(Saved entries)
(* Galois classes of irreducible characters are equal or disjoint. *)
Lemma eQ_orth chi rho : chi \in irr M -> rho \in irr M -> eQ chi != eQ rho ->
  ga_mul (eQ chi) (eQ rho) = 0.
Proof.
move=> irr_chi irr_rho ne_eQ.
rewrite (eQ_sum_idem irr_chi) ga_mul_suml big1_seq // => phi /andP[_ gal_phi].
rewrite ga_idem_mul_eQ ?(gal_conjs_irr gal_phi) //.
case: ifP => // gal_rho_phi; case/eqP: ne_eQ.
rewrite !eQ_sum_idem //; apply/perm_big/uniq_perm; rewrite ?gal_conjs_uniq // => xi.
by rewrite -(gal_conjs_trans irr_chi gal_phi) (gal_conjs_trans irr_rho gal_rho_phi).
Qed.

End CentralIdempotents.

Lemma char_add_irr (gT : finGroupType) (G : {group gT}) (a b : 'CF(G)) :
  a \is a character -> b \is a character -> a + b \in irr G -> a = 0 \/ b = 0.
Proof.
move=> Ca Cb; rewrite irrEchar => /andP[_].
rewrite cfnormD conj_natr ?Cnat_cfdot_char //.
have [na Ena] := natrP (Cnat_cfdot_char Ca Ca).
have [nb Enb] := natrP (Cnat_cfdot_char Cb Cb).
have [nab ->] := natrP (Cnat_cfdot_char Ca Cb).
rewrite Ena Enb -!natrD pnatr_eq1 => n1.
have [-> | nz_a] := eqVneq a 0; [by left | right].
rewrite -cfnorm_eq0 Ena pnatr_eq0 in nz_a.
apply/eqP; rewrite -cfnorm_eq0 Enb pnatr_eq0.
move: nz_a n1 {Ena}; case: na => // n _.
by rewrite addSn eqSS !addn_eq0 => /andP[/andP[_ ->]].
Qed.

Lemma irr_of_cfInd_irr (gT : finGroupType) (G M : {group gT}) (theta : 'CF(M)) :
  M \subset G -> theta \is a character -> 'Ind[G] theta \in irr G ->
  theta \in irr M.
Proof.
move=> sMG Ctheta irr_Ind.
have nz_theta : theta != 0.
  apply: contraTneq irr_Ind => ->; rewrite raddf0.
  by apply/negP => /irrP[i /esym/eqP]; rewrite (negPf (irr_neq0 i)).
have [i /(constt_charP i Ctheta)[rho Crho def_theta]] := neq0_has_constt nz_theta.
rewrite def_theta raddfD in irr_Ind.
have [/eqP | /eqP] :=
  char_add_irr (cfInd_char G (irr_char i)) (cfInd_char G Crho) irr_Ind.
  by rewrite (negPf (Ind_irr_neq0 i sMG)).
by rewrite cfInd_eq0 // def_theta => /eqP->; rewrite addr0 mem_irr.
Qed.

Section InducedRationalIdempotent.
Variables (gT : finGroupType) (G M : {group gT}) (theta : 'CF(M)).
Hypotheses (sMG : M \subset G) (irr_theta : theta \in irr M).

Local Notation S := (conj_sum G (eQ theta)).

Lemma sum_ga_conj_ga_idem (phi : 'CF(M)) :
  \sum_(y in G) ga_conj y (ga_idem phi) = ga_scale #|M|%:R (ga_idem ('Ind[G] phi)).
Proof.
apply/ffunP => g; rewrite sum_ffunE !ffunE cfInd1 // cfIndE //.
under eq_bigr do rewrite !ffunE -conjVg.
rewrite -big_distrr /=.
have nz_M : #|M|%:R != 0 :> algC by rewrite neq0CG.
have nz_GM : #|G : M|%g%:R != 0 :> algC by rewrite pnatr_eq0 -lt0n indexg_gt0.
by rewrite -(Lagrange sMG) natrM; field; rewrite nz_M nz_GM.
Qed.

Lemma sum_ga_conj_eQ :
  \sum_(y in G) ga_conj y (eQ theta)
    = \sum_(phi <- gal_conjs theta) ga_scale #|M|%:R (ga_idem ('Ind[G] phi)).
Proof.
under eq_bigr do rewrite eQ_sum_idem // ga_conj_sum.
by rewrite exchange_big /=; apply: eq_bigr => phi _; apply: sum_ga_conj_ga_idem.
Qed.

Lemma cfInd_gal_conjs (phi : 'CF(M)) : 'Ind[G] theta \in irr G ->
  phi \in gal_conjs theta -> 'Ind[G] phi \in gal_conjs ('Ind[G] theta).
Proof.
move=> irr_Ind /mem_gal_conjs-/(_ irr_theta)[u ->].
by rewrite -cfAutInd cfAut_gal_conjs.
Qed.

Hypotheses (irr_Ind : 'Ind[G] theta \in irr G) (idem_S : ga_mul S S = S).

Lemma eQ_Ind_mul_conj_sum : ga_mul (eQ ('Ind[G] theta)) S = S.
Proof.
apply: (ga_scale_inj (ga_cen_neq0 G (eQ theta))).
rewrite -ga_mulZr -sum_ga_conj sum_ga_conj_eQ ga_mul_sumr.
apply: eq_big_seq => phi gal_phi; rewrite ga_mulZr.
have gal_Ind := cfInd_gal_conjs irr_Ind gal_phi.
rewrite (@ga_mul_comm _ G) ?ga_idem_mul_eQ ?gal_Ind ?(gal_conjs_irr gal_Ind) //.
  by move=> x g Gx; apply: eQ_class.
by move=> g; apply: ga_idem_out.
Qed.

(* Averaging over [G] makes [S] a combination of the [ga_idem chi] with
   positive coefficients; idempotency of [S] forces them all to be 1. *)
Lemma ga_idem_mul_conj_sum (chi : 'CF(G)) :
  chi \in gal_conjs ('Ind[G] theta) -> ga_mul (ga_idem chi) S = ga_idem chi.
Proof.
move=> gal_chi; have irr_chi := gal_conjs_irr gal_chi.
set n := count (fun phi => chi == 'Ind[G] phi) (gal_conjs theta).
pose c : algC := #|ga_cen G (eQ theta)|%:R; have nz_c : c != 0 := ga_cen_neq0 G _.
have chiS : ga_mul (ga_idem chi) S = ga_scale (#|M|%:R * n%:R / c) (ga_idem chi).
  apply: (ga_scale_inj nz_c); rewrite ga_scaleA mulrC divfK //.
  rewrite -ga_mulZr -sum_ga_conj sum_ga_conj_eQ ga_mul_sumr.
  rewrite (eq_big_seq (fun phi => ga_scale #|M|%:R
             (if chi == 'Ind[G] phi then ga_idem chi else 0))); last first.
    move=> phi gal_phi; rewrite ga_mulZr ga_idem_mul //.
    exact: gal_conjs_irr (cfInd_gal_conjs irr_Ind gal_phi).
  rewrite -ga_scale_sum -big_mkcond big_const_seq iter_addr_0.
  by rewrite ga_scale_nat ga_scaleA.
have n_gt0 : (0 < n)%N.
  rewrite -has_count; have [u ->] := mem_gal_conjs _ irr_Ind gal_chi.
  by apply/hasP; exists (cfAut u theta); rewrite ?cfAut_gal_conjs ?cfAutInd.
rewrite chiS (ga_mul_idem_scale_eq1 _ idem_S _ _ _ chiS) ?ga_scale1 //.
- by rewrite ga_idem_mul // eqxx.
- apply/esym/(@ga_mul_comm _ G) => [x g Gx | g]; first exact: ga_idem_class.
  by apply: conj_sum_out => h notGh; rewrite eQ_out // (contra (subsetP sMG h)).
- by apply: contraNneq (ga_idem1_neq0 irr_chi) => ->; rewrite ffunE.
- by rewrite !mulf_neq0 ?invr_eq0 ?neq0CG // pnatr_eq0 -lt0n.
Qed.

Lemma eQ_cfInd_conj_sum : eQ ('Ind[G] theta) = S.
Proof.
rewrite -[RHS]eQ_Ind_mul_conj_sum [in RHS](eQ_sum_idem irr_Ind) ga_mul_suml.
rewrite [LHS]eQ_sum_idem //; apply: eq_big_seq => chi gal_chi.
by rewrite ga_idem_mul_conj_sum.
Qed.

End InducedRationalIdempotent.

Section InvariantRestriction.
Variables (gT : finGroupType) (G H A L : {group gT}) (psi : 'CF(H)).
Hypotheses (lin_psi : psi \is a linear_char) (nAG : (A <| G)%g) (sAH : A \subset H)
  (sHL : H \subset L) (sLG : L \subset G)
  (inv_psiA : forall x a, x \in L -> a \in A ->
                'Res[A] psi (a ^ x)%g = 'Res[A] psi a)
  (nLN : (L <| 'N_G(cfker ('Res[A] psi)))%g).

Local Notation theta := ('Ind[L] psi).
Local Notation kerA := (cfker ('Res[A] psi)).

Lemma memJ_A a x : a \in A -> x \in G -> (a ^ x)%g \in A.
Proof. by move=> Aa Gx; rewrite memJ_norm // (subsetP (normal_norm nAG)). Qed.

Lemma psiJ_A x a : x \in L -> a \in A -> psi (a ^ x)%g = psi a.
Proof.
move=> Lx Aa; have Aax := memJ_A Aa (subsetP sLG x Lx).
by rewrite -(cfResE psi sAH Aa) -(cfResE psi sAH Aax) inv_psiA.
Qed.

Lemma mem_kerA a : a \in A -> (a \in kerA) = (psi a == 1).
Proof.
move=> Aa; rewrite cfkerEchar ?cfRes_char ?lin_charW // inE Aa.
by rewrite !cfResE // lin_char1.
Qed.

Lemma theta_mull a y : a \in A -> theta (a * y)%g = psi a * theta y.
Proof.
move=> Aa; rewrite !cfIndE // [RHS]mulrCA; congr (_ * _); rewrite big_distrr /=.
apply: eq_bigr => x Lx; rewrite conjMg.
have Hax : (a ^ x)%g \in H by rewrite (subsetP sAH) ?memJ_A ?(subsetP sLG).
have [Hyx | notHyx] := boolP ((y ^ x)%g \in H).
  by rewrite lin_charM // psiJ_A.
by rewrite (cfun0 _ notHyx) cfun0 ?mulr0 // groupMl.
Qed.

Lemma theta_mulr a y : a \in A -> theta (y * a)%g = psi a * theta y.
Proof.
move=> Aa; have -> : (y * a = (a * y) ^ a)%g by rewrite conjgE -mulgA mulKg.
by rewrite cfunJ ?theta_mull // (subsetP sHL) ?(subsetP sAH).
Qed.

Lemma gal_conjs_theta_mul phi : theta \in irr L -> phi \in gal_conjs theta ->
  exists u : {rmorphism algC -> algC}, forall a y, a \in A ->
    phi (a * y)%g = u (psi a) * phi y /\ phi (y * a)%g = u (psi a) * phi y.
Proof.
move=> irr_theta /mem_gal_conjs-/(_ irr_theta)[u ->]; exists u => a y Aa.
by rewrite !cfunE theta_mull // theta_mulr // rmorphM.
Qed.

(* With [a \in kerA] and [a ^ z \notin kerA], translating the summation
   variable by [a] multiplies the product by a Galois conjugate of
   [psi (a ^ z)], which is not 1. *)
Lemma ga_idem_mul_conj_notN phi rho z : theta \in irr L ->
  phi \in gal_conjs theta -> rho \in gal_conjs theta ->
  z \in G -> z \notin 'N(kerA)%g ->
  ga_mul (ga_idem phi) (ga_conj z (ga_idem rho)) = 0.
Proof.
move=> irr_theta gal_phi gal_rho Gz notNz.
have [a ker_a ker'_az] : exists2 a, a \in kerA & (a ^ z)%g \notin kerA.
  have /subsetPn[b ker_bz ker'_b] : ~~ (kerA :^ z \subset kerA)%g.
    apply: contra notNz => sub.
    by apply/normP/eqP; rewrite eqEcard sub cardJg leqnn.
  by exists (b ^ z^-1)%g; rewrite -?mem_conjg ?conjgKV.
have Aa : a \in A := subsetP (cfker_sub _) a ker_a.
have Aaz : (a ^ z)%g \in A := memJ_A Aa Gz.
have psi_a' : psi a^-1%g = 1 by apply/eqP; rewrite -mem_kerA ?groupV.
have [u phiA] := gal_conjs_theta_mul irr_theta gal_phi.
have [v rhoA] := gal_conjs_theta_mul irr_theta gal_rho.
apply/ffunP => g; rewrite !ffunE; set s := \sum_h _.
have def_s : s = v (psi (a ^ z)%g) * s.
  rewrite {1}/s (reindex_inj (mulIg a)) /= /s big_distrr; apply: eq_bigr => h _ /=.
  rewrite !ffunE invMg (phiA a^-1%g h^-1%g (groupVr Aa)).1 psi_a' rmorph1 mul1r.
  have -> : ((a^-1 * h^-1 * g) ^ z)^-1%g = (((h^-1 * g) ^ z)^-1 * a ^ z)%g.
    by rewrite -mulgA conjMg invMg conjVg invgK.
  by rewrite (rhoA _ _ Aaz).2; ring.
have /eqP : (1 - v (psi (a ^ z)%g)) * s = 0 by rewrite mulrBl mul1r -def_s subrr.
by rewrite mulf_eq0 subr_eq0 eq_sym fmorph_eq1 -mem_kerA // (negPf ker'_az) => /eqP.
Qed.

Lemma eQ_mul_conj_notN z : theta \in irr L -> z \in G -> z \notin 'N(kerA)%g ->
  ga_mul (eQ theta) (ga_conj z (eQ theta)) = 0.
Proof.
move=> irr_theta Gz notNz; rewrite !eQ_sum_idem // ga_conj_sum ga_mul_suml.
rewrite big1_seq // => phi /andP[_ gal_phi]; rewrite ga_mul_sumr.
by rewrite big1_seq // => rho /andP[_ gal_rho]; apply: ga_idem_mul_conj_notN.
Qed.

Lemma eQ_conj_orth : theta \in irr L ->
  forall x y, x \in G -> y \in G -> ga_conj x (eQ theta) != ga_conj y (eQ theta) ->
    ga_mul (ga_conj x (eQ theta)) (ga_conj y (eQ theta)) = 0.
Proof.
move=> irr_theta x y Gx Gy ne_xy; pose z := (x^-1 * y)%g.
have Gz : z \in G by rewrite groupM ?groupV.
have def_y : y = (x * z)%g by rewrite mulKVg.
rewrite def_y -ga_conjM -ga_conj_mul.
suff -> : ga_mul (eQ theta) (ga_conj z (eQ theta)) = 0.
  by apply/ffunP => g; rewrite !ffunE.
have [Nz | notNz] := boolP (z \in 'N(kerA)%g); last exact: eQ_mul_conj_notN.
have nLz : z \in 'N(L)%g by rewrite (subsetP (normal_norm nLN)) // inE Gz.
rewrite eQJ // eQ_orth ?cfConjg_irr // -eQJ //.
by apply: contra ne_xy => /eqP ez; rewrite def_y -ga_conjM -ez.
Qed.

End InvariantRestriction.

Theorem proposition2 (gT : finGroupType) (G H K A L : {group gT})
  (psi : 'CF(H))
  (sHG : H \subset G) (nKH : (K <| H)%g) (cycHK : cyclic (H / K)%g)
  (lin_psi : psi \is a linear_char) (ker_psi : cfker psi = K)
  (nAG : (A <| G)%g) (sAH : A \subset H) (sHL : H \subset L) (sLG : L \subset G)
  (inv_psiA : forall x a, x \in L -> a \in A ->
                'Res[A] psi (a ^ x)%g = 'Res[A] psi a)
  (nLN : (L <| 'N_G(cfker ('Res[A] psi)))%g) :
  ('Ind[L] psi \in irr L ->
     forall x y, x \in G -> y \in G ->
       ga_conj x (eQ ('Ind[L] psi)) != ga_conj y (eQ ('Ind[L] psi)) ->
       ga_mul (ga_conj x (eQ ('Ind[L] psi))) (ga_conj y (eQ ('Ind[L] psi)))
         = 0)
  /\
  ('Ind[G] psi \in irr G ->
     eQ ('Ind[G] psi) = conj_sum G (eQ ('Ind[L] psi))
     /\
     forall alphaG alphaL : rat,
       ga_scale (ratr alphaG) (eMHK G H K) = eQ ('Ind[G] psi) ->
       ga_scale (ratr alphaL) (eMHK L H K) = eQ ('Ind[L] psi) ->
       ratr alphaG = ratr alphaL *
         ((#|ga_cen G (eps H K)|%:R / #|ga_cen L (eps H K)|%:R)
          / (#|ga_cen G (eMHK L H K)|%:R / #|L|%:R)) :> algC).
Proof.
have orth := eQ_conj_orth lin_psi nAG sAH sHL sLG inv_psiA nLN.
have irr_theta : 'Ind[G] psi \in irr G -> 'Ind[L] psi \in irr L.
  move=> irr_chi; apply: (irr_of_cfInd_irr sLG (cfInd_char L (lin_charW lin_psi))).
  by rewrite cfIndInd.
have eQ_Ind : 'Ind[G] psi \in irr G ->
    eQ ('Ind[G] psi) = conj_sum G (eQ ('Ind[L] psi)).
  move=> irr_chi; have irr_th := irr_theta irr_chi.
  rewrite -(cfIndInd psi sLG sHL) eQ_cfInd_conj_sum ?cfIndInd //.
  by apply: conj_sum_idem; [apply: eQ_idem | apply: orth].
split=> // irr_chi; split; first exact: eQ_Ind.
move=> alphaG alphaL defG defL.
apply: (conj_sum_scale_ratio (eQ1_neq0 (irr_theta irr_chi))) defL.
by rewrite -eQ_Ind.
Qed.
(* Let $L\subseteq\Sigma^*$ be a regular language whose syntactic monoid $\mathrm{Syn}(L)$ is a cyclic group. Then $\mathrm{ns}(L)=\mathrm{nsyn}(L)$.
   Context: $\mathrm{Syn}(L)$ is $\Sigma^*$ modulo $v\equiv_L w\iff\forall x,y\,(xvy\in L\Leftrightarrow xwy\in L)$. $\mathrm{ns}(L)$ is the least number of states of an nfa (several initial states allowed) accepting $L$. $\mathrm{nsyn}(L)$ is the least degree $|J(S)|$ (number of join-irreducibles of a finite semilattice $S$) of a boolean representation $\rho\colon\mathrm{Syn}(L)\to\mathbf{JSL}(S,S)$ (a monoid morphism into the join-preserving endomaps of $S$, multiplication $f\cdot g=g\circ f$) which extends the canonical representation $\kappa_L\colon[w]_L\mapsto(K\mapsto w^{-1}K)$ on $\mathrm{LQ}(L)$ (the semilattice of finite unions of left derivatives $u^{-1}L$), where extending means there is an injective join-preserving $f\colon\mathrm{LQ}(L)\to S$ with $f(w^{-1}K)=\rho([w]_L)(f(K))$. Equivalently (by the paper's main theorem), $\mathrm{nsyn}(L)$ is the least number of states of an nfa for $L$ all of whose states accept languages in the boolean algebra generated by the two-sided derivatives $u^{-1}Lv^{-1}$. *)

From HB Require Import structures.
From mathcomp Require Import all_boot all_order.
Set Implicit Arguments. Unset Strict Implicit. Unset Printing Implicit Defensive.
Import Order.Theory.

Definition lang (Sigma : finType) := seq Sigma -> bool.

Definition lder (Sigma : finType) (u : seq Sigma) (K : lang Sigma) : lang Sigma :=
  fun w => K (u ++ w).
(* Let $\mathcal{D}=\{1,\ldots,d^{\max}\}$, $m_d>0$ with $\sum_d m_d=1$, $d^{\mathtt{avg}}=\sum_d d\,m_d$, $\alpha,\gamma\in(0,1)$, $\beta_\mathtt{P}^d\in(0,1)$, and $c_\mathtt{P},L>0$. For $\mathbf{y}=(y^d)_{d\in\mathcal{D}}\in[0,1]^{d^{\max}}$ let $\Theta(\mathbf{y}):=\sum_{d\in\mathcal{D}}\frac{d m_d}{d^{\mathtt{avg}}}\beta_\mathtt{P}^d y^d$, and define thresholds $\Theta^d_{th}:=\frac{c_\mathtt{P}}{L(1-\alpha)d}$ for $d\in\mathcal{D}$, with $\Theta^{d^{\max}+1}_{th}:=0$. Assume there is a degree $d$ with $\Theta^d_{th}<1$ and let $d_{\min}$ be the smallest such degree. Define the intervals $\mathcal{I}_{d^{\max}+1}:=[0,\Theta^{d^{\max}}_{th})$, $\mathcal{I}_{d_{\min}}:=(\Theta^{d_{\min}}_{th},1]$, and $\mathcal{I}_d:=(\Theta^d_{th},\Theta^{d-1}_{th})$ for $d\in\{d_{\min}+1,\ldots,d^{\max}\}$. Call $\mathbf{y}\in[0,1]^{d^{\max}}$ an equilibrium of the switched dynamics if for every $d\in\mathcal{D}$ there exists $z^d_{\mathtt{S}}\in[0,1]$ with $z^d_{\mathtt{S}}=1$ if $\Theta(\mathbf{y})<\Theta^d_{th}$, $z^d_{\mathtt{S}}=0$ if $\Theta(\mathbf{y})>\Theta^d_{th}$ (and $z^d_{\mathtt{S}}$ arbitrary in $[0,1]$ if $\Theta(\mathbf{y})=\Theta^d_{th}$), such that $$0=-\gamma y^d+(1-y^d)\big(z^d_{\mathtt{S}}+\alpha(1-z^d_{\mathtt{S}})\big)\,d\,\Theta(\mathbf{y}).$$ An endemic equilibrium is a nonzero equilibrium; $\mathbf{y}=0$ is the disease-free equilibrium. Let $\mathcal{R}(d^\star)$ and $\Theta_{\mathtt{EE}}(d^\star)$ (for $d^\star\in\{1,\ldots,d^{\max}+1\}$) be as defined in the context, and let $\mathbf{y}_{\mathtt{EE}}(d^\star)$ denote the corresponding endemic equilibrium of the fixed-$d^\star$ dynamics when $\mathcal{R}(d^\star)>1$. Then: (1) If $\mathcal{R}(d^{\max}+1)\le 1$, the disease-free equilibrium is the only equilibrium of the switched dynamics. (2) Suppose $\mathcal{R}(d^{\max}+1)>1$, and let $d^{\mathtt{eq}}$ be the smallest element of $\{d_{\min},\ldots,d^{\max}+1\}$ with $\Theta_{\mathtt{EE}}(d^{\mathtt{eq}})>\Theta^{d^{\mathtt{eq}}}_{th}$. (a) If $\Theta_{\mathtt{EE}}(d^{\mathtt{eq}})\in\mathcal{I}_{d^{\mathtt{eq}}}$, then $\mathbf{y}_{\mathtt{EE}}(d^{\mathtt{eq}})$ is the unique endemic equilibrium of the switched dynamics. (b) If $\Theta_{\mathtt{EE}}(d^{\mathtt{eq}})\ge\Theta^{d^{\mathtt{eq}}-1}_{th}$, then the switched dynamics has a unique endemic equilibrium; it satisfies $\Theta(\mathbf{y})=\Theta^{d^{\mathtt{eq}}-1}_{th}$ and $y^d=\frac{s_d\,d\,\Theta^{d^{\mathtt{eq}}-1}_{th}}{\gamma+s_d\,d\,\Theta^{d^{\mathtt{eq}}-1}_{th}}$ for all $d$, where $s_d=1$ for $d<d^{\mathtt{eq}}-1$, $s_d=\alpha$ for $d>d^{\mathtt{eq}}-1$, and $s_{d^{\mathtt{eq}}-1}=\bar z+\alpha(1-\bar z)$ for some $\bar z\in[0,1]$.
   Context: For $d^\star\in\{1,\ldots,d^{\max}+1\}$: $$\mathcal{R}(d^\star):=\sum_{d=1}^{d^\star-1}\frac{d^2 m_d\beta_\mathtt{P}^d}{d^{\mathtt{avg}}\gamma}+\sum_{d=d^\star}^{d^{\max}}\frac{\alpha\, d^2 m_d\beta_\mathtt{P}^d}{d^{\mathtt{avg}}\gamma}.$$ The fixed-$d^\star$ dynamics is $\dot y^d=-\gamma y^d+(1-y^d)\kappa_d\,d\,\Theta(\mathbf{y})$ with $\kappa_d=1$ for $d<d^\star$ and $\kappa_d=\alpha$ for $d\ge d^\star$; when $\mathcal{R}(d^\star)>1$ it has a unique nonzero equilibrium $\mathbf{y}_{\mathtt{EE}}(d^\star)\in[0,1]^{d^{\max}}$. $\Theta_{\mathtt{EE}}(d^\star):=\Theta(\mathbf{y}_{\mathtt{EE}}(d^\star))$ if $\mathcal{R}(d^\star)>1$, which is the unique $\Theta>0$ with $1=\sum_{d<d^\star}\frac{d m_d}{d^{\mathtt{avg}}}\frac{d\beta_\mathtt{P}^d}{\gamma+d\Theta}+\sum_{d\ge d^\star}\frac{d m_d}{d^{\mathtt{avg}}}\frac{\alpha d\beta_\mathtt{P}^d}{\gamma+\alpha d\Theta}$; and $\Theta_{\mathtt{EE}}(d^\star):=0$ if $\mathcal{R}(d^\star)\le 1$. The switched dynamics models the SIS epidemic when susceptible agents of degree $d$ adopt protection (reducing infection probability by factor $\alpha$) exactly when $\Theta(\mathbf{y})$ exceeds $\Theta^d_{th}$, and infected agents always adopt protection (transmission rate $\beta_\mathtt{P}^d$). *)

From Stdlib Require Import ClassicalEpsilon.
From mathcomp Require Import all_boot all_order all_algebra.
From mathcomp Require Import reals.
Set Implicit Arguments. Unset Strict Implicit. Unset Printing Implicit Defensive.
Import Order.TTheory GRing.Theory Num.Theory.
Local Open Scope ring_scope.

▶ _What is required_: The required output is the set of lines from the first line of the data through the line that contains "Lemma char_add_irr (gT", transcribed exactly.

▶ _Task output_:
(* Galois classes of irreducible characters are equal or disjoint. *)
Lemma eQ_orth chi rho : chi \in irr M -> rho \in irr M -> eQ chi != eQ rho ->
  ga_mul (eQ chi) (eQ rho) = 0.
Proof.
move=> irr_chi irr_rho ne_eQ.
rewrite (eQ_sum_idem irr_chi) ga_mul_suml big1_seq // => phi /andP[_ gal_phi].
rewrite ga_idem_mul_eQ ?(gal_conjs_irr gal_phi) //.
case: ifP => // gal_rho_phi; case/eqP: ne_eQ.
rewrite !eQ_sum_idem //; apply/perm_big/uniq_perm; rewrite ?gal_conjs_uniq // => xi.
by rewrite -(gal_conjs_trans irr_chi gal_phi) (gal_conjs_trans irr_rho gal_rho_phi).
Qed.

End CentralIdempotents.

Lemma char_add_irr (gT : finGroupType) (G : {group gT}) (a b : 'CF(G)) :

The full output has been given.